(ACTION ITEM)
Exactly as written, transcribe each line of the listing.

=== Begin Enclosure ===

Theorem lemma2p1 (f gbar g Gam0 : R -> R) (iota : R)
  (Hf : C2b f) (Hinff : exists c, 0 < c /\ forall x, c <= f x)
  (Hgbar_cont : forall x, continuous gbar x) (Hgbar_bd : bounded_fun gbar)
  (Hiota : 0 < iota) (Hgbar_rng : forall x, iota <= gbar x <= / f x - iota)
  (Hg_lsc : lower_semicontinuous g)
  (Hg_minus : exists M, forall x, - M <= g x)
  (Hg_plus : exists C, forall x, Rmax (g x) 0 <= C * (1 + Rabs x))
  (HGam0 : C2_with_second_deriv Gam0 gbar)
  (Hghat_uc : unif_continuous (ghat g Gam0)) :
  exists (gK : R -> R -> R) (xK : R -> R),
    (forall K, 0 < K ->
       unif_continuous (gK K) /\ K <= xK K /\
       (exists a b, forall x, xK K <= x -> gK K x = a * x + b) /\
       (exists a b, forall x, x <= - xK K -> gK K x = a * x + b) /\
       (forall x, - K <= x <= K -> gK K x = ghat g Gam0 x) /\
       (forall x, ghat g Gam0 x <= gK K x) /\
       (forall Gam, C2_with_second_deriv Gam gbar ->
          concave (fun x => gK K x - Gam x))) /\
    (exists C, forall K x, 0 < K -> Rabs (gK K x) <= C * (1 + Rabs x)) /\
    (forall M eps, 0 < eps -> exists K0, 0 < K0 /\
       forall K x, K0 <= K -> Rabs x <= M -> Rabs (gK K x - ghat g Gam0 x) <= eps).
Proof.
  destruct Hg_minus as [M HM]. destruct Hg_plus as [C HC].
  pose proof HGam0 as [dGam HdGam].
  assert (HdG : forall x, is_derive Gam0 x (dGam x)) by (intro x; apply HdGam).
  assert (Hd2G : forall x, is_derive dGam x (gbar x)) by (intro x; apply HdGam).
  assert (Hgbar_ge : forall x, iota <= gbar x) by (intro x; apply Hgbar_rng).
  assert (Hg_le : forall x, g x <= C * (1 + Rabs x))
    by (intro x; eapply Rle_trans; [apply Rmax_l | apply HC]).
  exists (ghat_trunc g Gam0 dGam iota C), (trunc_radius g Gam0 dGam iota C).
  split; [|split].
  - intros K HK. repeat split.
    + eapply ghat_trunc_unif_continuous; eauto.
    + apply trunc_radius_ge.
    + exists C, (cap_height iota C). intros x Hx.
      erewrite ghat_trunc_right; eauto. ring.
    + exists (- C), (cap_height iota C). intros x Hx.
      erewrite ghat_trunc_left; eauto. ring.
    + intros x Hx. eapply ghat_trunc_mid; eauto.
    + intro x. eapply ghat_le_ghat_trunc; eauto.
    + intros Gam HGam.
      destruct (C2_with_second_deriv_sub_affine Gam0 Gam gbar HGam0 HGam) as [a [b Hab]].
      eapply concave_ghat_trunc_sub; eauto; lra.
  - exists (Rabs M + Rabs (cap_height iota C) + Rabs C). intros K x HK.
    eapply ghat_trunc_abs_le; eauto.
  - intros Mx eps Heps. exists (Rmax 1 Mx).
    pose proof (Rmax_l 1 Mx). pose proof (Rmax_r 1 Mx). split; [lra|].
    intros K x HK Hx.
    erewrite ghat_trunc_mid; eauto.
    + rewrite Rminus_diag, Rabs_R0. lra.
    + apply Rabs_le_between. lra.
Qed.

=== End Enclosure ===

(ANSWER SECTION)
Theorem lemma2p1 (f gbar g Gam0 : R -> R) (iota : R)
  (Hf : C2b f) (Hinff : exists c, 0 < c /\ forall x, c <= f x)
  (Hgbar_cont : forall x, continuous gbar x) (Hgbar_bd : bounded_fun gbar)
  (Hiota : 0 < iota) (Hgbar_rng : forall x, iota <= gbar x <= / f x - iota)
  (Hg_lsc : lower_semicontinuous g)
  (Hg_minus : exists M, forall x, - M <= g x)
  (Hg_plus : exists C, forall x, Rmax (g x) 0 <= C * (1 + Rabs x))
  (HGam0 : C2_with_second_deriv Gam0 gbar)
  (Hghat_uc : unif_continuous (ghat g Gam0)) :
  exists (gK : R -> R -> R) (xK : R -> R),
    (forall K, 0 < K ->
       unif_continuous (gK K) /\ K <= xK K /\
       (exists a b, forall x, xK K <= x -> gK K x = a * x + b) /\
       (exists a b, forall x, x <= - xK K -> gK K x = a * x + b) /\
       (forall x, - K <= x <= K -> gK K x = ghat g Gam0 x) /\
       (forall x, ghat g Gam0 x <= gK K x) /\
       (forall Gam, C2_with_second_deriv Gam gbar ->
          concave (fun x => gK K x - Gam x))) /\
    (exists C, forall K x, 0 < K -> Rabs (gK K x) <= C * (1 + Rabs x)) /\
    (forall M eps, 0 < eps -> exists K0, 0 < K0 /\
       forall K x, K0 <= K -> Rabs x <= M -> Rabs (gK K x - ghat g Gam0 x) <= eps).
Proof.
  destruct Hg_minus as [M HM]. destruct Hg_plus as [C HC].
  pose proof HGam0 as [dGam HdGam].
  assert (HdG : forall x, is_derive Gam0 x (dGam x)) by (intro x; apply HdGam).
  assert (Hd2G : forall x, is_derive dGam x (gbar x)) by (intro x; apply HdGam).
  assert (Hgbar_ge : forall x, iota <= gbar x) by (intro x; apply Hgbar_rng).
  assert (Hg_le : forall x, g x <= C * (1 + Rabs x))
    by (intro x; eapply Rle_trans; [apply Rmax_l | apply HC]).
  exists (ghat_trunc g Gam0 dGam iota C), (trunc_radius g Gam0 dGam iota C).
  split; [|split].
  - intros K HK. repeat split.
    + eapply ghat_trunc_unif_continuous; eauto.
    + apply trunc_radius_ge.
    + exists C, (cap_height iota C). intros x Hx.
      erewrite ghat_trunc_right; eauto. ring.
    + exists (- C), (cap_height iota C). intros x Hx.
      erewrite ghat_trunc_left; eauto. ring.
    + intros x Hx. eapply ghat_trunc_mid; eauto.
    + intro x. eapply ghat_le_ghat_trunc; eauto.
    + intros Gam HGam.
      destruct (C2_with_second_deriv_sub_affine Gam0 Gam gbar HGam0 HGam) as [a [b Hab]].
      eapply concave_ghat_trunc_sub; eauto; lra.
  - exists (Rabs M + Rabs (cap_height iota C) + Rabs C). intros K x HK.
    eapply ghat_trunc_abs_le; eauto.
  - intros Mx eps Heps. exists (Rmax 1 Mx).
    pose proof (Rmax_l 1 Mx). pose proof (Rmax_r 1 Mx). split; [lra|].
    intros K x HK Hx.
    erewrite ghat_trunc_mid; eauto.
    + rewrite Rminus_diag, Rabs_R0. lra.
    + apply Rabs_le_between. lra.
Qed.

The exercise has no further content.